For Zinman, the origins of these ideas can be traced in Paik’s work, Etude, one of the first digital artworks, which Zinman recently rediscovered.

“It wasn’t really known at all until I had the good fortune of discovering it in the Smithsonian’s Archive. Etude is an early digital artwork. It’s actually one of the first ever made,” he said.

He described the piece as existing both as “the programming language that Paik employed in creating the piece” and the resulting image on paper created out of the repetition of the words.

Paik arrived at Bell Labs in 1967 to create Etude and other digital works on large, slow early computers, according to Zinman. He argued that although Paik grew frustrated and ended the project, ideas begun in Etude continued to reappear in his work.

He described this as a process in which “ideas and practices precede technologies, but then they are rethought in the process of their encounter with those technologies.”

Paik grew frustrated with the limits of early computers, understanding their potential. This forced him to go back and forth between using digital and analogue media for his artwork.

“Paik did not seem to respond well to his collaboration with the computer, a working together that lacked the kind of responsiveness and feedback that he found inspiring,” Zinman said.

At the same time though, “Paik’s frustrations arose from the potential he saw in computer art to foster communication and new audiovisual forms, and his inability to realize that potential in his particular technological moment,” he said.

Zinman ultimately presented Etude as a work that shows this awareness of the potential of art that is language, image and technology at the same time.

As a kind of “combinatory artwork,” he added, “[it] probes the conceptual as well as the technological relationships among a wide range of media practices, including but not limited to music, painting, dance, performance and the moving image.”

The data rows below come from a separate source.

(* Let $E$ be a real Banach space, $K\subset E$ nonempty closed convex, $g\in\mathcal F$ totally convex on $E$ satisfying H1–H2, $Y$ a real Banach space containing a closed, convex, pointed cone $C$ with nonempty interior, $f:E\times E\to Y$ and $T:K\to\mathcal P(K)$. Assume B1–B4. Then $DS(f,T)$ is closed and convex.
   Context: $\mathcal F$: functions $g:E\to\mathbb R$ strictly convex, lower semicontinuous, Gâteaux differentiable (derivative $g'$). $D_g(x,y)=g(x)-g(y)-\langle x-y,g'(y)\rangle$; $v_g(x,t)=\inf\{D_g(y,x):\|y-x\|=t\}$; totally convex: $v_g(x,t)>0$ for all $x$, $t>0$. H1: level sets of $D_g(x,\cdot)$ bounded for all $x$; H2: $\inf_{x\in A}v_g(x,t)>0$ for all $t>0$ and bounded $A$. $\Pi^g_D(x)$ = unique minimizer of $D_g(\cdot,x)$ over nonempty closed convex $D$. $\mathrm{Fix}(T)=\{x\in K:x\in T(x)\}$. $T$ quasi $D_g$-nonexpansive: $S(x):=\Pi^g_{T(x)}(x)$ has $\mathrm{Fix}(S)\ne\emptyset$ and $D_g(p,S(x))\le D_g(p,x)$ for $p\in\mathrm{Fix}(S)$, $x\in K$. Demiclosed: $x^k\rightharpoonup\bar x$, $d(x^k,T(x^k))\to0$ imply $\bar x\in\mathrm{Fix}(T)$. Lower semicontinuous at $\bar x$: $x^k\to\bar x$ in $K$, $\bar y\in T(\bar x)$ imply existence of $y^k\in T(x^k)$ with $y^k\to\bar y$. $y\preceq y'$ iff $y'-y\in C$; $C$-convex: $G(tx+(1-t)y)\preceq tG(x)+(1-t)G(y)$. B1: $f(x,x)=0$ for all $x$. B2: $f$ uniformly continuous on bounded subsets of $E\times E$. B3: $f(x,\cdot)$ is $C$-convex for all $x$. B4: $T$ has nonempty closed convex values, is demiclosed, lower semicontinuous at each point of $K$, and quasi $D_g$-nonexpansive. $DS(f,T)=\{x\in K:x\in T(x),\ f(y,x)\in-C\ \forall y\in K\}$. *)

From HB Require Import structures.
From mathcomp Require Import all_boot all_order all_algebra.
From mathcomp Require Import all_classical all_reals all_analysis.
Set Implicit Arguments. Unset Strict Implicit. Unset Printing Implicit Defensive.
Import Order.TTheory GRing.Theory Num.Theory.
Import numFieldNormedType.Exports.
Local Open Scope classical_set_scope.
Local Open Scope ring_scope.

Section Defs.
Context {R : realType}.

Section OnE.
Variable E : normedModType R.

Definition convex_set_E (A : set E) : Prop :=
  forall x y (t : R), A x -> A y -> 0 <= t <= 1 -> A (t *: x + (1 - t) *: y).

Definition bounded_E (A : set E) : Prop :=
  exists M : R, forall x, A x -> `|x| <= M.

Definition cont_linear_functional (phi : E -> R) : Prop :=
  (forall (a : R) (u v : E), phi (a *: u + v) = a * phi u + phi v)
  /\ continuous phi.

Definition weak_cvg (x : nat -> E) (xbar : E) : Prop :=
  forall phi : E -> R, cont_linear_functional phi ->
    (phi \o x) @ \oo --> phi xbar.

Definition strictly_convex (g : E -> R) : Prop :=
  forall x y (t : R), x != y -> 0 < t < 1 ->
    g (t *: x + (1 - t) *: y) < t * g x + (1 - t) * g y.

Definition gateaux_derivative (g : E -> R) (dg : E -> E -> R) : Prop :=
  forall y, cont_linear_functional (dg y) /\
    forall h, (fun t : R => t^-1 * (g (y + t *: h) - g y)) @ 0^' --> dg y h.

Definition class_F (g : E -> R) (dg : E -> E -> R) : Prop :=
  strictly_convex g
  /\ lower_semicontinuous (fun x => (g x)%:E)
  /\ gateaux_derivative g dg.

Definition bregman (g : E -> R) (dg : E -> E -> R) (x y : E) : R :=
  g x - g y - dg y (x - y).

(* modulus of total convexity, in the extended reals (inf of empty = +oo) *)
Definition modulus_tc g dg (x : E) (t : R) : \bar R :=
  ereal_inf [set (bregman g dg y x)%:E | y in [set y | `|y - x| = t]].

Definition totally_convex g dg : Prop :=
  forall x (t : R), 0 < t -> (0 < modulus_tc g dg x t)%E.

Definition H1 g dg : Prop :=
  forall x (r : R), bounded_E [set y | bregman g dg x y <= r].

Definition H2 g dg : Prop :=
  forall (t : R) (A : set E), 0 < t -> bounded_E A ->
    (0 < ereal_inf [set modulus_tc g dg x t | x in A])%E.

Definition is_bregman_proj g dg (D : set E) (x p : E) : Prop :=
  D p /\ forall y, D y -> bregman g dg p x <= bregman g dg y x.

(* distance from a point to a set (extended reals: +oo for the empty set) *)
Definition dist_set (x : E) (A : set E) : \bar R :=
  ereal_inf [set (`|x - y|)%:E | y in A].

Definition Fix (K : set E) (T : E -> set E) : set E :=
  [set x | K x /\ T x x].

Definition FixS g dg (K : set E) (T : E -> set E) : set E :=
  [set p | K p /\ is_bregman_proj g dg (T p) p p].

Definition quasi_Dg_nonexpansive g dg (K : set E) (T : E -> set E) : Prop :=
  (forall x, K x -> exists s, is_bregman_proj g dg (T x) x s)
  /\ (exists p, FixS g dg K T p)
  /\ (forall p x s, FixS g dg K T p -> K x -> is_bregman_proj g dg (T x) x s ->
        bregman g dg p s <= bregman g dg p x).

Definition demiclosed (K : set E) (T : E -> set E) : Prop :=
  forall (x : nat -> E) (xbar : E), (forall k, K (x k)) -> weak_cvg x xbar ->
    (fun k => dist_set (x k) (T (x k))) @ \oo --> 0%E ->
    Fix K T xbar.

Definition lsc_at (K : set E) (T : E -> set E) (xbar : E) : Prop :=
  forall (x : nat -> E) (ybar : E), (forall k, K (x k)) -> x @ \oo --> xbar ->
    T xbar ybar ->
    exists y : nat -> E, (forall k, T (x k) (y k)) /\ y @ \oo --> ybar.

End OnE.

Section OnY.
Variable Y : normedModType R.

Definition cone_hyp (C : set Y) : Prop :=
  closed C
  /\ convex_set_E C
  /\ (forall (t : R) c, 0 <= t -> C c -> C (t *: c))
  /\ (forall c, C c -> C (- c) -> c = 0)
  /\ (exists c, interior C c).

Definition cone_le (C : set Y) (y y' : Y) : Prop := C (y' - y).

Definition C_convex (E : normedModType R) (C : set Y) (G : E -> Y) : Prop :=
  forall x y (t : R), 0 <= t <= 1 ->
    cone_le C (G (t *: x + (1 - t) *: y)) (t *: G x + (1 - t) *: G y).

End OnY.

Section Bhyp.
Variables (E Y : normedModType R).

Definition B1 (f : E -> E -> Y) : Prop := forall x, f x x = 0.

Definition B2 (f : E -> E -> Y) : Prop :=
  forall A : set (E * E),
    (exists M : R, forall p, A p -> `|p.1| <= M /\ `|p.2| <= M) ->
    forall eps : R, 0 < eps -> exists2 delta : R, 0 < delta &
      forall p q, A p -> A q -> `|p.1 - q.1| < delta -> `|p.2 - q.2| < delta ->
        `|f p.1 p.2 - f q.1 q.2| < eps.

Definition B3 (C : set Y) (f : E -> E -> Y) : Prop :=
  forall x, C_convex C (f x).

Definition B4 g dg (K : set E) (T : E -> set E) : Prop :=
  (forall x, K x -> T x !=set0 /\ closed (T x) /\ convex_set_E (T x))
  /\ demiclosed K T
  /\ (forall x, K x -> lsc_at K T x)
  /\ quasi_Dg_nonexpansive g dg K T.

Definition DS (C : set Y) (K : set E) (f : E -> E -> Y) (T : E -> set E) : set E :=
  [set x | K x /\ T x x /\ forall y, K y -> C (- f y x)].

End Bhyp.
End Defs.

(* Fix(T) is closed because demiclosedness applied to a strongly convergent
   sequence of fixed points (whose distances to their images vanish) puts the
   limit in Fix(T); it is convex because for z = t x1 + (1-t) x2 with x1, x2
   fixed and s = S(z), the three-point identity
     D(z,s) = t (D(x1,s) - D(x1,z)) + (1-t) (D(x2,s) - D(x2,z))
   and quasi D_g-nonexpansiveness give D(z,s) <= 0, whence z = s in T(z) by
   total convexity.  The equilibrium condition C(-f(y,x)) for all y in K is an
   intersection of preimages of the closed cone under the continuous maps
   f(y,.), and is preserved by convex combinations since C is a convex cone and
   f(y,.) is C-convex. *)
From HB Require Import structures.
From mathcomp Require Import all_boot all_order all_algebra.
From mathcomp Require Import all_classical all_reals all_analysis.
From mathcomp Require Import ring lra.
Import Order.TTheory GRing.Theory Num.Theory.
Import numFieldNormedType.Exports.
Local Open Scope classical_set_scope.
Local Open Scope ring_scope.

Set Implicit Arguments.
Unset Strict Implicit.
Unset Printing Implicit Defensive.

Section NormedSpace.
Context {R : realType} {E : normedModType R}.

Lemma clfB (phi : E -> R) u v :
  cont_linear_functional phi -> phi (u - v) = phi u - phi v.
Proof. by case=> lin _; rewrite addrC -scaleN1r lin mulN1r addrC. Qed.

Lemma clf0 (phi : E -> R) : cont_linear_functional phi -> phi 0 = 0.
Proof. by move=> hphi; rewrite -(subrr (0 : E)) clfB // subrr. Qed.

Lemma clfZD (phi : E -> R) a b u v : cont_linear_functional phi ->
  phi (a *: u + b *: v) = a * phi u + b * phi v.
Proof.
move=> hphi; have [lin _] := hphi.
by rewrite lin -[b *: v]addr0 lin clf0 // addr0.
Qed.

Lemma convex_setI (A B : set E) :
  convex_set_E A -> convex_set_E B -> convex_set_E (A `&` B).
Proof. by move=> cA cB x y t [Ax Bx] [Ay By] t01; split; [exact: cA|exact: cB]. Qed.

Lemma closure_cvg_seq (A : set E) x : closure A x ->
  exists2 u : nat -> E, (forall n, A (u n)) & u @ \oo --> x.
Proof.
move=> Ax.
have /choice [u hu] n : exists v, A v /\ `|x - v| < n.+1%:R^-1.
  have [v [Av xv]] := Ax _ (nbhsx_ballx x n.+1%:R^-1 ltac:(by [])).
  by exists v; split; rewrite // -ball_normE in xv.
exists u => [n|]; first by case: (hu n).
apply/cvgrPdist_lt => e e0; near=> n.
apply: lt_trans (hu n).2 _.
rewrite invf_plt ?posrE ?ltr0Sn //.
apply: (lt_le_trans (_ : e^-1 < n%:R)); last by rewrite ler_nat.
by near: n; apply: nbhs_infty_gtr.
Unshelve. all: by end_near.
Qed.

Lemma cvg_weak_cvg (u : nat -> E) x : u @ \oo --> x -> weak_cvg u x.
Proof. by move=> ux phi hphi; apply: cvg_comp ux (hphi.2 x). Qed.

Lemma dist_set_eq0 (A : set E) x : A x -> dist_set x A = 0%E.
Proof.
move=> Ax; apply/eqP; rewrite eq_le; apply/andP; split.
  by apply: ereal_inf_lbound; exists x; rewrite // subrr normr0.
by apply: le_ereal_inf_tmp => _ [y _ <-]; rewrite lee_fin.
Qed.

End NormedSpace.

Section Bregman.
Context {R : realType} {E : normedModType R}.
Variables (g : E -> R) (dg : E -> E -> R).
Hypothesis dg_linear : forall y, cont_linear_functional (dg y).

Lemma bregmanxx x : bregman g dg x x = 0.
Proof. by rewrite /bregman !subrr clf0 // subr0. Qed.

Lemma bregman_gt0 y x : totally_convex g dg -> y != x -> 0 < bregman g dg y x.
Proof.
move=> tc yx; rewrite -lte_fin.
apply: lt_le_trans (tc x `|y - x| _) _; first by rewrite normr_gt0 subr_eq0.
by apply: ereal_inf_lbound; exists y.
Qed.

Lemma bregman_ge0 y x : totally_convex g dg -> 0 <= bregman g dg y x.
Proof.
move=> tc; have [->|yx] := eqVneq y x; first by rewrite bregmanxx.
exact/ltW/bregman_gt0.
Qed.

Lemma bregman_le0_eq y x : totally_convex g dg -> bregman g dg y x <= 0 -> y = x.
Proof.
move=> tc le0; apply/eqP; apply: contraTT le0 => yx.
by rewrite -ltNge bregman_gt0.
Qed.

Lemma bregman_three_point x1 x2 s t (z := t *: x1 + (1 - t) *: x2) :
  bregman g dg z s = t * (bregman g dg x1 s - bregman g dg x1 z)
                   + (1 - t) * (bregman g dg x2 s - bregman g dg x2 z).
Proof.
rewrite /bregman !(clfB _ _ (dg_linear s)) !(clfB _ _ (dg_linear z)).
rewrite /z !(clfZD _ _ _ _ (dg_linear s)) !(clfZD _ _ _ _ (dg_linear z)).
ring.
Qed.

Section FixedPoints.
Variables (K : set E) (T : E -> set E).

Lemma Fix_sub_FixS : totally_convex g dg -> Fix K T `<=` FixS g dg K T.
Proof.
move=> tc p [Kp Tpp]; split=> //; split=> // y _.
by rewrite bregmanxx bregman_ge0.
Qed.

Lemma convex_Fix : convex_set_E K -> totally_convex g dg ->
  quasi_Dg_nonexpansive g dg K T -> convex_set_E (Fix K T).
Proof.
move=> cvK tc [proj [_ nonexp]] x1 x2 t Fx1 Fx2 /andP[t0 t1].
set z := t *: x1 + (1 - t) *: x2.
have Kz : K z by apply: cvK => //; [case: Fx1|case: Fx2|rewrite t0 t1].
have [s projs] := proj z Kz.
have le1 := nonexp x1 z s (Fix_sub_FixS tc Fx1) Kz projs.
have le2 := nonexp x2 z s (Fix_sub_FixS tc Fx2) Kz projs.
have zs : z = s by apply: bregman_le0_eq; rewrite // bregman_three_point; nra.
by split; rewrite // {2}zs; case: projs.
Qed.

Lemma closed_Fix : demiclosed K T -> closed (Fix K T).
Proof.
move=> demi x /closure_cvg_seq [u Fu ux].
apply: (demi u) => [n||]; first by case: (Fu n).
  exact: cvg_weak_cvg.
have -> : (fun n => dist_set (u n) (T (u n))) = fun=> 0%E.
  by apply/funext => n; apply: dist_set_eq0; case: (Fu n).
exact: cvg_cst.
Qed.

End FixedPoints.
End Bregman.

Section Equilibria.
Context {R : realType} {E Y : normedModType R}.
Variables (C : set Y) (K : set E) (f : E -> E -> Y).

Definition equilibria : set E := [set x | forall y, K y -> C (- f y x)].

Hypothesis C_scale : forall (t : R) c, 0 <= t -> C c -> C (t *: c).

Lemma cone_addr : convex_set_E C -> forall a b, C a -> C b -> C (a + b).
Proof.
move=> cvC a b Ca Cb.
have half : 1 - 2^-1 = 2^-1 :> R by field.
have /(C_scale (ler0n _ 2)) := cvC a b 2^-1 Ca Cb ltac:(rewrite invr_ge0 invf_le1; lra).
by rewrite half -scalerDr scalerA mulfV ?pnatr_eq0 // scale1r.
Qed.

Lemma convex_equilibria : convex_set_E C -> B3 C f -> convex_set_E equilibria.
Proof.
move=> cvC convf x1 x2 t Ex1 Ex2 t01 y Ky; have /andP[t0 t1] := t01.
have Cgap := convf y x1 x2 t t01; rewrite /cone_le in Cgap.
have Cx1 := C_scale t0 (Ex1 y Ky).
have Cx2 := C_scale (ltac:(lra) : 0 <= 1 - t) (Ex2 y Ky).
have := cone_addr cvC Cgap (cone_addr cvC Cx1 Cx2).
by congr C; rewrite !scalerN -opprD addrAC subrr add0r.
Qed.

Lemma B2_continuous : B2 f -> forall y, continuous (f y).
Proof.
move=> unif y x; apply/cvgrPdist_lt => e e0.
have [|d d0 hd] := unif [set p | p.1 = y /\ `|p.2| <= `|x| + 1] _ e e0.
  exists (`|y| + `|x| + 1) => p [-> px].
  by have := normr_ge0 x; have := normr_ge0 y; split; lra.
have d1_gt0 : 0 < Num.min d 1 by rewrite lt_min d0 ltr01.
apply: filterS (nbhsx_ballx x _ d1_gt0) => z.
rewrite -ball_normE /= lt_min => /andP[xzd xz1].
apply: (hd (y, x) (y, z)); rewrite //= ?subrr ?normr0 //; split => //.
  by rewrite lerDl.
have := ler_normB x (x - z); rewrite subKr; lra.
Qed.

Lemma closed_equilibria : closed C -> B2 f -> closed equilibria.
Proof.
move=> clC unif.
apply: (@closed_bigI _ _ K (fun y => (fun x => - f y x) @^-1` C)) => y _.
by apply: preimage_closed => // x _; apply/continuousN/B2_continuous.
Qed.

End Equilibria.

Lemma DSE {R : realType} {E Y : normedModType R} (C : set Y) (K : set E) f T :
  DS C K f T = Fix K T `&` equilibria C K f.
Proof.
by apply/seteqP; split=> x /=; [case=> Kx [Txx Ex] | case=> [[Kx Txx] Ex]].
Qed.

Theorem corollary2p18 (R : realType)
  (E : completeNormedModType R) (Y : completeNormedModType R)
  (K : set E) (g : E -> R) (dg : E -> E -> R) (C : set Y)
  (f : E -> E -> Y) (T : E -> set E) :
  K !=set0 -> closed K -> convex_set_E K ->
  class_F g dg -> totally_convex g dg -> H1 g dg -> H2 g dg ->
  cone_hyp C ->
  (forall x, K x -> T x `<=` K) ->
  B1 f -> B2 f -> B3 C f -> B4 g dg K T ->
  closed (DS C K f T) /\ convex_set_E (DS C K f T).
Proof.
move=> _ _ cvK [_ [_ gateaux]] tc _ _ [clC [cvC [C_scale _]]] _ _ unif convf
  [_ [demi [_ qne]]].
have dg_linear y : cont_linear_functional (dg y) by case: (gateaux y).
rewrite DSE; split.
- exact: closedI (closed_Fix demi) (closed_equilibria clC unif).
- exact: convex_setI (convex_Fix dg_linear cvK tc qne)
                     (convex_equilibria C_scale cvC convf).
Qed.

Then and today, those technological relationships were rapidly changing, and for Zinman, Etude represents a way to understand the connections across time. The process of rediscovering and interpreting Etude is an example of an evolving relationship between past and present.
Our relationship to digital media, Zinman concluded, is still being written and rewritten today, “continually reoriented by whomever or whatever is holding the pen or camera at a specific moment in time.”